Open access peer-reviewed chapter

Light‐Emitting Diodes: Progress in Plant Micropropagation

By Jericó J. Bello‐Bello, Juan A. Pérez‐Sato, Carlos A. Cruz‐Cruz and Eduardo Martínez‐Estrada

Submitted: October 5th 2016Reviewed: February 15th 2017Published: May 10th 2017

DOI: 10.5772/67913

Downloaded: 1200

Abstract

In commercial micropropagation laboratories, the light source is one of the most important factors controlling plant morphogenesis and metabolism of plant cells and tissue and organ cultures. Lamp manufacturers have begun to rate lamps specifically for plant needs. The traditional light source used for in vitro propagation is fluorescent lamps (FLs). However, power consumption in FL use is expensive and produces a wide range of wavelengths (350–750 nm) unnecessary for plant development. Light‐emitting diodes (LEDs) have recently emerged as an alternative for commercial micropropagation. The flexibility of matching LED wavelengths to plant photoreceptors may provide more optimal production, influencing plant morphology and chlorophyll content. Although previous reports have confirmed physiological effects of LED light quality on morphogenesis and growth of several plantlets in vitro, these study results showed that LED light is more suitable for plant morphogenesis and growth than FLs. However, the responses vary according to plant species. This chapter describes the applications and benefits of LED lamps on chlorophyll in plant micropropagation.
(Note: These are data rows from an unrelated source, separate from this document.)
(* Let $\widehat{\mathcal T}_\bullet$ be an admissible hierarchical mesh and $\widehat{\mathcal M}_\bullet=\{\widehat T_1,\dots,\widehat T_n\}\subseteq\widehat{\mathcal T}_\bullet$. Then $${\tt refine}(\widehat{\mathcal T}_\bullet,\widehat{\mathcal M}_\bullet)={\tt refine}\big({\tt refine}(\cdots{\tt refine}(\widehat{\mathcal T}_\bullet,\{\widehat T_1\})\cdots,\{\widehat T_{n-1}\}),\{\widehat T_n\}\big),$$ with the convention ${\tt refine}(\widehat{\mathcal T},\widehat{\mathcal M}):={\tt refine}(\widehat{\mathcal T},\widehat{\mathcal M}\cap\widehat{\mathcal T})$ for arbitrary sets $\widehat{\mathcal M}$ (so ${\tt refine}(\widehat{\mathcal T},\emptyset)=\widehat{\mathcal T}$).
   Context: Parameter domain $\widehat\Omega=(0,1)^d$, $d\ge2$; degrees $p_1,\dots,p_d\ge1$. For each $i$, $\widehat{\mathcal K}^0_i$ is a $p_i$-open knot vector in $[0,1]$ (first $p_i+1$ knots $0$, last $p_i+1$ knots $1$, interior multiplicities $\le p_i$); $\widehat{\mathcal K}^{k+1}_i$ arises from $\widehat{\mathcal K}^k_i$ by inserting each nondegenerate span's midpoint once. $\widehat{\mathcal B}^k$: tensor-product B-splines of degree $(p_1,\dots,p_d)$ for $\widehat{\mathcal K}^k$; $\widehat{\mathcal T}^k$: closed cells of level $k$. A hierarchical mesh is given by closed sets $[0,1]^d=\widehat\Omega^0_\bullet\supseteq\widehat\Omega^1_\bullet\supseteq\cdots$, each $\widehat\Omega^k_\bullet$ ($k\ge1$) a union of cells of $\widehat{\mathcal T}^{k-1}$, eventually empty; mesh $\widehat{\mathcal T}_\bullet=\bigcup_k\{\widehat T\in\widehat{\mathcal T}^k:\widehat T\subseteq\widehat\Omega^k_\bullet,\widehat T\not\subseteq\widehat\Omega^{k+1}_\bullet\}$, ${\rm level}(\widehat T)=k$; hierarchical basis $\widehat{\mathcal H}_\bullet=\bigcup_k\{\widehat\beta\in\widehat{\mathcal B}^k:{\rm supp}\,\widehat\beta\subseteq\widehat\Omega^k_\bullet,{\rm supp}\,\widehat\beta\not\subseteq\widehat\Omega^{k+1}_\bullet\}$. Neighbors $\mathcal N_\bullet(\widehat T)=\{\widehat T'\in\widehat{\mathcal T}_\bullet:\exists\widehat\beta\in\widehat{\mathcal H}_\bullet,\widehat T,\widehat T'\subseteq{\rm supp}\,\widehat\beta\}$; bad neighbors $\mathcal N^{\rm bad}_\bullet(\widehat T)=\{\widehat T'\in\mathcal N_\bullet(\widehat T):{\rm level}(\widehat T')={\rm level}(\widehat T)-1\}$. Admissible: $|{\rm level}(\widehat T)-{\rm level}(\widehat T')|\le1$ whenever $\widehat T'\in\mathcal N_\bullet(\widehat T)$. ${\tt refine}(\widehat{\mathcal T}_\bullet,\widehat{\mathcal M})$ for $\widehat{\mathcal M}\subseteq\widehat{\mathcal T}_\bullet$: $\widehat{\mathcal M}^{(0)}=\widehat{\mathcal M}$, $\widehat{\mathcal M}^{(i+1)}=\widehat{\mathcal M}^{(i)}\cup\bigcup_{\widehat T\in\widehat{\mathcal M}^{(i)}}\mathcal N^{\rm bad}_\bullet(\widehat T)$ until stationary; each $\widehat T$ in the final set is added to $\widehat\Omega^{{\rm level}(\widehat T)+1}$, giving the new mesh. *)

From HB Require Import structures.
From mathcomp Require Import all_boot all_order all_algebra.
Set Implicit Arguments. Unset Strict Implicit. Unset Printing Implicit Defensive.
Import Order.TTheory GRing.Theory Num.Theory.
Local Open Scope ring_scope.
Two study cases are exposed, Anthurium (Anthurium andreanum) and moth orchids (Phalaenopsisis sp.), both species with economic importance as ornamental plants, where LEDs have a positive effect on in vitro development and chlorophyll content.

Keywords

  • in vitro cloning
  • light quality
  • tissue culture
  • chlorophyll

1. Introduction

Micropropagation or in vitro plant cloning is being widely used for large‐scale plant multiplication. This method enables the identical reproduction of the selected parents, following the maintenance of genetic fidelity. In commercial micropropagation laboratories, the light source is one of the most important factors controlling plant morphogenesis and growth cells, tissue and organ cultures. Lamp manufacturers have begun to rate lamps specifically for plant needs. The traditional light source used for in vitro propagation is fluorescent lamps (FLs). Nevertheless, the power consumption in FLs is expensive and produces a wide range of wavelengths (350–750 nm) unnecessary for plant development. Light‐emitting diodes (LEDs) have recently emerged as an alternative for commercial micropropagation. LEDs possess advantages such as less heat radiation, a monochromatic spectrum, greater durability, and low power consumption. The LED illumination system for in vitro culture provides light in the spectral region that is involved in photosynthesis and in the photomorphogenic responses in plants.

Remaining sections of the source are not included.